Bir gazete, 2024-25 öğretim yılında alınacak seçmeli dersler için müracaatların 12 Şubat’a kadar yapılması gerektiğini duyururken haberi şu şekilde veriyor: “Millî Eğitim Bakanlığı (MEB), ortaokullarda (5, 6, 7 ve 8. sınıflar) "Yaşayan Diller ve Lehçeler" dersi kapsamında Kürtçenin Kurmancî ve Zazakî lehçelerini seçmeli ders olarak sunuyor.” Bu ifade gazetenin kendi ifadesi midir, yoksa MEB’in kullandığı bir ifade midir? haberde pek anlaşılamıyor. Ama Kurmanci ve Zazaki’yi Kürtçenin lehçeleri olarak takdim etmek tam da asimilasyoncu bölücülerin istediği şeydir.
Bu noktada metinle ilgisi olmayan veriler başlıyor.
(* By its universal property, stl_4(R) maps to gl_4(R_2), the 4x4 matrices over the
   commutative ring R_2 = R/I_2 with the commutator bracket, via F : X_ij(a) |-> abar E_ij.
   On gl_4(R_2) let psi_gl4 be the biadditive map whose t-th coordinate is the sum of
   A_ij C_kl over the quadruples (i,j,k,l) of class t. Since stl_4(R) is additively
   spanned by the X_ij(a) and the [X_ij(a), X_ji(b)], and the latter go to diagonal
   matrices, psi = psi_gl4 o (F x F). The image of F is traceless, and on traceless
   matrices the cocycle identity for psi_gl4 splits into one polynomial identity per
   class; once a diagonal entry is eliminated through the trace, all its coefficients
   are even, so it holds in R_2, where 2 = 0. *)

From HB Require Import structures.
From mathcomp Require Import all_boot all_order all_algebra ring.
From Stdlib Require Import ClassicalEpsilon.
Set Implicit Arguments. Unset Strict Implicit. Unset Printing Implicit Defensive.
Import GRing.Theory.
Local Open Scope ring_scope.

Section LinearAxiom.
Variables (K : pzRingType) (V W : lmodType K) (f : V -> W).
Hypothesis f_lin : linear f.

Let fL : {linear V -> W} := HB.pack f (GRing.isLinear.Build K V W *:%R f f_lin).

Lemma linear_axiom0 : f 0 = 0. Proof. exact: (linear0 fL). Qed.
Lemma linear_axiomD x y : f (x + y) = f x + f y. Proof. exact: (linearD fL). Qed.
Lemma linear_axiomN x : f (- x) = - f x. Proof. exact: (linearN fL). Qed.
Lemma linear_axiomB x y : f (x - y) = f x - f y. Proof. exact: (linearB fL). Qed.
Lemma linear_axiomZ k x : f (k *: x) = k *: f x. Proof. exact: (linearZZ fL). Qed.

End LinearAxiom.

Lemma commutator_mulr (T : pzRingType) (x y z : T) :
  x * (y * z) - y * z * x = (x * y - y * x) * z + y * (x * z - z * x).
Proof. by rewrite mulrBl mulrBr !mulrA addrA subrK. Qed.
Lemma commutatorB (T : pzRingType) (x u v : T) :
  x * (u - v) - (u - v) * x = (x * u - u * x) - (x * v - v * x).
Proof. by rewrite mulrBr mulrBl !opprB addrACA [RHS]addrACA [- _ + - _]addrC. Qed.
Lemma commutator_leibniz (T : pzRingType) (x y z : T) :
  x * (y * z - z * y) - (y * z - z * y) * x =
  (x * y - y * x) * z - z * (x * y - y * x) - ((x * z - z * x) * y - y * (x * z - z * x)).
Proof. by rewrite commutatorB !commutator_mulr opprD !opprB [- _ - _]addrC addrACA. Qed.

Lemma pairwise_distinct4_swap13 i j k l :
  pairwise_distinct4 k j i l = pairwise_distinct4 i j k l.
Proof.
rewrite /pairwise_distinct4 (eq_sym k j) (eq_sym k i) (eq_sym j i).
by case: (i == j); case: (i == k); case: (i == l);
  case: (j == k); case: (j == l); case: (k == l).
Qed.

Lemma pairwise_distinct4_swap24 i j k l :
  pairwise_distinct4 i l k j = pairwise_distinct4 i j k l.
Proof.
rewrite /pairwise_distinct4 (eq_sym l k) (eq_sym l j) (eq_sym k j).
by case: (i == j); case: (i == k); case: (i == l);
  case: (j == k); case: (j == l); case: (k == l).
Qed.

Lemma pairwise_distinct4_uniq i j k l :
  pairwise_distinct4 i j k l = uniq [:: i; j; k; l].
Proof. by rewrite /pairwise_distinct4 /= !inE !negb_or !andbT -!andbA. Qed.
Bilimsel araştırmalar, Zazaların Kürtlerden, Zazaki’nin Kürtçeden farklı bir dil olduğunu göstermiştir. Fırat Üniversitesi’nin değerli bilim insanlarından Prof. Dr. Fatih Özek’in, iki akademisyenle birlikte yayınladıkları çok önemli bir makale var. (Fatih Ozek, Bilgit Saglam and Charlotte Gooskens* Mutual intelligibility of a Kurmanji and a Zazaki dialect spoken in the province of Elazığ, Turkey) Sonraki yazılarımda bu makale ile ilgili geniş değerlendirmeler yapacağım. Şimdilik şu kadarı söylenebilir, Zazaca ile Kürtçe ayrı dillerdir. Kürtçenin lehçeleri olduğu iddia edilen diller arasında bile birbirini anlama oranı son derece düşüktür. Bahsi geçen çalışmada Kürtçe konuşanların Zazacayı, Zazaca konuşanların Kürtçeyi ne kadar anladıkları araştırılmış, anlama oranının son derece düşük olduğu ortaya çıkmıştır. Kürtçenin farklı ağızlarını konuşanların da birbirlerini çok az anladıkları tespit edilmiştir. Üstelik bu araştırma birbirine yakın bölgelerde günlük hayatta çok sık kullanılan ve bilinen kelimeler üzerinden yapılmıştır. Ana dilde eğitim taleplerinin arkasında yatan da budur; birbirini anlamayan grupları tek standart bir Kürtçe lehçe ile birbirlerini anlar hale getirmek. Bir başka ifadeyle uluslaşmanın ilk basamağı olan dil birliğini sağlamak.

Onun için bazı kavramlar kullanılırken -sözün nereye varacağı ve neye yarayacağının- iyi hesap edilmesi gerekir. Bu mesele bir Millî Güvenlik meselesidir. Düşüncesizce/hesapsızca söylenen her söz, kullanılan her kavram bumerang gibi bu ülke insanının birliğini, kardeşliğini vurur. Örgüt dili ve ağzıyla değil, kendi dilimizle konuşmalıyız. Bütün bu açıklamalardan sonra, başlıktaki “Zazaca Kürtçenin nesi olur?” sorusunun cevabını verebiliriz: Zazaca, Kürtçenin hiçbir şeyi değildir, ikisi de farklı dillerdir.